Randy Watson Posted November 8, 2004 Posted November 8, 2004 I've seen some articles indicating that the written agreement required under the new regulations must be entered into prior to the issuance of an updated SPD or SMM due to the specific information required to be disclosed to the participants. I've reviewed the disclosure portion of the regulations and found nothing that would suggest or require the written agreement to be executed prior to the issuance of the SPD or SMM (or even require the IRA provider to be selected at that point in time). In general, the regs state that the SPD or SMM must include an explanation that the rollover will be invested in an investment product designed to preserve principal (etc...); include a statement on how the fees will be allocated; provide the name and address of a contact so that more information regarding the automatic rollover rules, the IRA provider and the fees can be obtained. Does anyone know why these articles are stating that the written agreement must be executed prior to providing the SPD or SMM? Granted, having the agreement in place prior to the disclosure would make things easier. Does anyone have an opinion on this?
Guest hyper Posted November 9, 2004 Posted November 9, 2004 Randy: As you say, you must provide the participant with the individual retirement plan provider and the fees and expenses attendant to the individual retirement plan. How will you know who the provider will be and what the fees will be unless you have an agreement in place ?

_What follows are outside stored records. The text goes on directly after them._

Lemma pairwise_disjoint_partners :
  pairwise (fun A B : {set {set 'I_n}} => [disjoint A & B]) partners.
Proof.
case/and5P: L_design => _ _ pw _ _; move: pw; rewrite /partners !pairwise_map.
by apply: sub_pairwise => p q /disjoint_cycle_edges.
Qed.

Lemma uniq_cycles : uniq cycles.
Proof.
apply: uniq_pairwise_disjoint pairwise_disjoint_cycles _.
by apply/allP => _ /mapP[p _ ->]; apply: cycle_edges_neq0.
Qed.

Lemma uniq_partners : uniq partners.
Proof.
apply: uniq_pairwise_disjoint pairwise_disjoint_partners _.
by apply/allP => _ /mapP[p _ ->]; apply: cycle_edges_neq0.
Qed.

Lemma design_partnerE p : p \in L -> design_partner (cycle_edges p.1) = cycle_edges p.2.
Proof.
move=> pL; have iL : index p L < size L by rewrite index_mem.
have <- : nth set0 cycles (index p L) = cycle_edges p.1 by rewrite (nth_map p) // nth_index.
by rewrite /design_partner index_uniq ?size_map ?uniq_cycles // (nth_map p) // nth_index.
Qed.

Lemma design_packing_partners :
  [set design_partner C | C in design_packing] = [set D | D \in partners].
Proof.
apply/setP=> D; rewrite inE; apply/imsetP/idP => [[C]|/mapP[p pL ->]].
  by rewrite inE => /mapP[p pL ->] ->; rewrite design_partnerE //; apply: map_f.
exists (cycle_edges p.1); last by rewrite design_partnerE.
by rewrite inE; apply: (map_f (fun p => cycle_edges p.1)).
Qed.

Lemma cover_partners : cover [set D | D \in partners] = cover design_packing.
Proof.
case/and5P: L_design => _ _ _ /allP cov1 /allP cov2.
apply/setP=> e; apply/bigcupP/bigcupP => [[C]|[C]]; rewrite inE => /mapP[p pL ->] ep.
- have [_ /mapP[q qL ->] e_in] := covered_by_cycle_edges (cov2 _ (map_f _ pL)) ep.
  by exists (cycle_edges q.1); rewrite // inE; apply: map_f.
- have [_ /mapP[q qL ->] e_in] := covered_by_cycle_edges (cov1 _ (map_f _ pL)) ep.
  by exists (cycle_edges q.2); rewrite // inE; apply: map_f.
Qed.

Lemma design_packing_is_packing : is_8cycle_packing design_packing.
Proof.
split=> [C|C1 C2]; rewrite ?inE.
  by case/mapP=> p /design_inside_pair /and4P[p1_uniq _ _ _] ->; exists p.1.
move=> C1in C2in; apply: pairwise_sym_mem pairwise_disjoint_cycles C1in C2in.
exact: disjoint_sym.
Qed.

Lemma inside_8cycle_pair p : p \in L -> inside_8cycle (cycle_edges p.1) (cycle_edges p.2).
Proof.
move=> /design_inside_pair /and4P[_ p2_uniq p_disj /andP[/allP sub12 /allP sub21]].
split; first by exists p.2.
split; last exact: disjoint_cycle_edges.
by rewrite !cycle_vertices_edges; apply/setP => x; rewrite !inE; apply/idP/idP => [/sub21|/sub12].
Qed.

Lemma design_partner_inj : {in design_packing &, injective design_partner}.
Proof.
move=> C1 C2; rewrite !inE => /mapP[p pL ->] /mapP[q qL ->]; rewrite !design_partnerE // => pq.
have [pi qi] : index p L < size L /\ index q L < size L by rewrite !index_mem.
have /eqP : nth set0 partners (index p L) = nth set0 partners (index q L)
  by rewrite /partners !(nth_map p) // !nth_index.
rewrite nth_uniq ?size_map ?uniq_partners // => /eqP ipq.
by rewrite -(nth_index p pL) ipq nth_index.
Qed.

Lemma design_packing_almost_2_perfect : almost_2_perfect design_packing.
Proof.
exists design_partner; split; [|split; [exact: design_partner_inj|split]].
- by move=> C; rewrite inE => /mapP[p pL ->]; rewrite design_partnerE //; apply: inside_8cycle_pair.
- rewrite design_packing_partners; split=> [D|D1 D2]; rewrite ?inE.
    by case/mapP=> p /design_inside_pair /and4P[_ p2_uniq _ _] ->; exists p.2.
  move=> D1in D2in; apply: pairwise_sym_mem pairwise_disjoint_partners D1in D2in.
  exact: disjoint_sym.
- by rewrite /leave design_packing_partners cover_partners.
Qed.

Lemma card_design_packing : #|design_packing| = size L.
Proof. by rewrite cardsE (card_uniqP uniq_cycles) size_map. Qed.

End DesignPacking.

Section LeaveBound.
Variable n : nat.
Implicit Types (E : {set {set 'I_n}}) (CC : {set {set {set 'I_n}}}).

Definition edges_at E (v : 'I_n) := [set e in E | v \in e].

Lemma card_edges_at E v : #|edges_at E v| = \sum_(e in E) (v \in e).
Proof.
rewrite -sum1_card big_mkcond [RHS]big_mkcond; apply: eq_bigr => e _.
by rewrite !inE; case: (e \in E); case: (v \in e).
Qed.
(* Let $0<\alpha\le 5\pi/6$ and let $u,v\in V$ with $\{u,v\}\in E$. Then either $\{u,v\}\in E_\alpha$, or there is a path $u_0,u_1,\dots,u_m$ with $u_0=u$, $u_m=v$, $\{u_i,u_{i+1}\}\in E_\alpha$ and $d(u_i,u_{i+1})<d(u,v)$ for all $i=0,\dots,m-1$.
   Context: Let $V$ be a finite set of pairwise distinct points (nodes) in the Euclidean plane, $d$ the Euclidean distance, and $R>0$. Let $G_R=(V,E)$ be the undirected graph with $E=\{\{u,v\}: u\neq v,\ d(u,v)\le R\}$. Fix a finite increasing sequence of radius levels $0<r_1<r_2<\dots<r_k=R$. For $u\in V$ and $1\le i\le k$ let $S_i(u)=\{v\in V\setminus\{u\}: d(u,v)\le r_i\}$. For $0<\alpha<2\pi$, a closed cone of width $\alpha$ with apex $u$ is a set $\{u+t(\cos\varphi,\sin\varphi): t\ge 0,\ \varphi\in[\theta-\alpha/2,\theta+\alpha/2]\}$ for some $\theta$. A finite set $S\subseteq V\setminus\{u\}$ has an $\alpha$-gap (at $u$) if some closed cone of width $\alpha$ with apex $u$ contains no node of $S$ (in particular $\emptyset$ has an $\alpha$-gap). The algorithm CBTC($\alpha$) assigns to each $u$ the index $i_u$ = the least $i\in\{1,\dots,k\}$ such that $S_i(u)$ has no $\alpha$-gap, or $i_u=k$ if there is no such $i$; set $N_\alpha(u)=S_{i_u}(u)$ and $N_\alpha=\{(u,v): v\in N_\alpha(u)\}$. Let $E_\alpha=\{\{u,v\}: (u,v)\in N_\alpha \text{ or } (v,u)\in N_\alpha\}$ (the symmetric closure of $N_\alpha$) and $G_\alpha=(V,E_\alpha)$. *)

From Stdlib Require Import Reals List.
Open Scope R_scope.

Definition point : Type := (R * R)%type.

Definition euclid_dist (p q : point) : R :=
  sqrt ((fst p - fst q) ^ 2 + (snd p - snd q) ^ 2).

(* Radius levels r_1 < ... < r_k = Rad, indexed 1..k (r 0 is unused). *)
Definition radius_levels (r : nat -> R) (k : nat) (Rad : R) : Prop :=
  (1 <= k)%nat /\ 0 < r 1%nat /\
  (forall i, (1 <= i)%nat -> (i < k)%nat -> r i < r (S i)) /\
  r k = Rad.

Definition edge_R (V : list point) (Rad : R) (u v : point) : Prop :=
  In u V /\ In v V /\ u <> v /\ euclid_dist u v <= Rad.

Definition S_set (V : list point) (r : nat -> R) (i : nat) (u v : point) : Prop :=
  In v V /\ v <> u /\ euclid_dist u v <= r i.

Definition in_cone (u : point) (alpha theta : R) (p : point) : Prop :=
  exists t phi, 0 <= t /\ theta - alpha / 2 <= phi <= theta + alpha / 2 /\
    p = (fst u + t * cos phi, snd u + t * sin phi).

Definition has_gap (u : point) (alpha : R) (S : point -> Prop) : Prop :=
  exists theta, forall p, S p -> ~ in_cone u alpha theta p.

Definition cbtc_index (V : list point) (r : nat -> R) (k : nat) (alpha : R)
    (u : point) (i : nat) : Prop :=
  (1 <= i <= k)%nat /\
  ( (~ has_gap u alpha (S_set V r i u) /\
       forall j, (1 <= j)%nat -> (j < i)%nat -> has_gap u alpha (S_set V r j u))
    \/ (i = k /\ forall j, (1 <= j <= k)%nat -> has_gap u alpha (S_set V r j u)) ).

Definition N_alpha (V : list point) (r : nat -> R) (k : nat) (alpha : R)
    (u v : point) : Prop :=
  In u V /\ exists i, cbtc_index V r k alpha u i /\ S_set V r i u v.

Definition E_alpha (V : list point) (r : nat -> R) (k : nat) (alpha : R)
    (u v : point) : Prop :=
  N_alpha V r k alpha u v \/ N_alpha V r k alpha v u.

From Stdlib Require Import Reals List Lra Lia Classical Wf_nat.
Open Scope R_scope.

(* Induct on the number of pairs of nodes closer than [d(u,v)].  If [{u,v}] is not
   in [E_alpha], both [N_alpha(u)] and [N_alpha(v)] lie strictly within distance
   [d(u,v)] of their centre and have no alpha-gap.  A neighbour of [u] closer than
   [d(u,v)] to [v] (or vice versa) gives the path at once.  Otherwise every neighbour
   [w] of [u] makes an angle [a] with [uv] such that [2 d(u,v) cos a <= d(u,w)], and
   likewise at [v]; the absence of alpha-gaps yields neighbours [w] of [u] and [t] of
   [v] on the same side of line [uv] whose angles add up to at most
   [alpha <= 5 PI / 6], and the law of cosines then gives [d(w,t) < d(u,v)], so the
   induction hypothesis connects [w] to [t]. *)

Lemma euclid_dist_ge0 p q : 0 <= euclid_dist p q.
Proof. apply sqrt_pos. Qed.

Lemma euclid_dist_sq p q :
  euclid_dist p q ^ 2 = (fst p - fst q) ^ 2 + (snd p - snd q) ^ 2.
Proof.
  unfold euclid_dist. rewrite pow2_sqrt; [ring|].
  apply Rplus_le_le_0_compat; apply pow2_ge_0.
Qed.

Lemma euclid_dist_sym p q : euclid_dist p q = euclid_dist q p.
Proof. unfold euclid_dist. f_equal. ring. Qed.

Randy Watson Posted November 9, 2004 Author Posted November 9, 2004 I'm not so sure an agreement needs to be in place prior to issuing the SPD or SMM. If you read closely, the regulations only require that you provide pretty general information in the SPD or SMM. For example, the SPD or SMM must inform the participant that amounts will be "invested in an investment product designed to preserve principal..." or "the extent to which expenses will be borne by the account holder alone or shared with the distributing plan or plan sponsor." The specific information is not required to be disclosed unless the participant requests it from the contact listed in the SPD. So theoretically, I can furnish the SPD or SMM with the general information prior to executing an agreement because I do not have to provide any detailed information until an automatic rollover is made. Here are a couple of my concerns. If I need to put detailed information in the SPD then I'll need to issue an new SPD or SMM everytime we use a new IRA provider. Also, would we really have one agreement in place that is enforceable by every single participant involved in an automatic rollover? It seems to me like we would execute an agreement for each participant.
Guest hyper Posted November 11, 2004 Posted November 11, 2004 Randy: I interpret 2550.404a-2©(4) to require that the fees be in the SPD. This section begins by stating - Participants have been furnished a SPD or SMM that describes ... The very last portion of this section says - the individual retirement plan provider and the fees and expenses attendant to the individual retirement plan. If revising the SPD is a big problem maybe you could but the IRA provider language in an attachment to the SPD. This way only the attachment would need updated if you change IRA providers or the fees change. I do not invision plans having more than one IRA provider agreement. The automatic rollover will only come into play if the participant does not contact you and request a distribution. If the participant provides instructions for the distribution, regardless of the amount of his/her account, the plan would follow the instructions provided.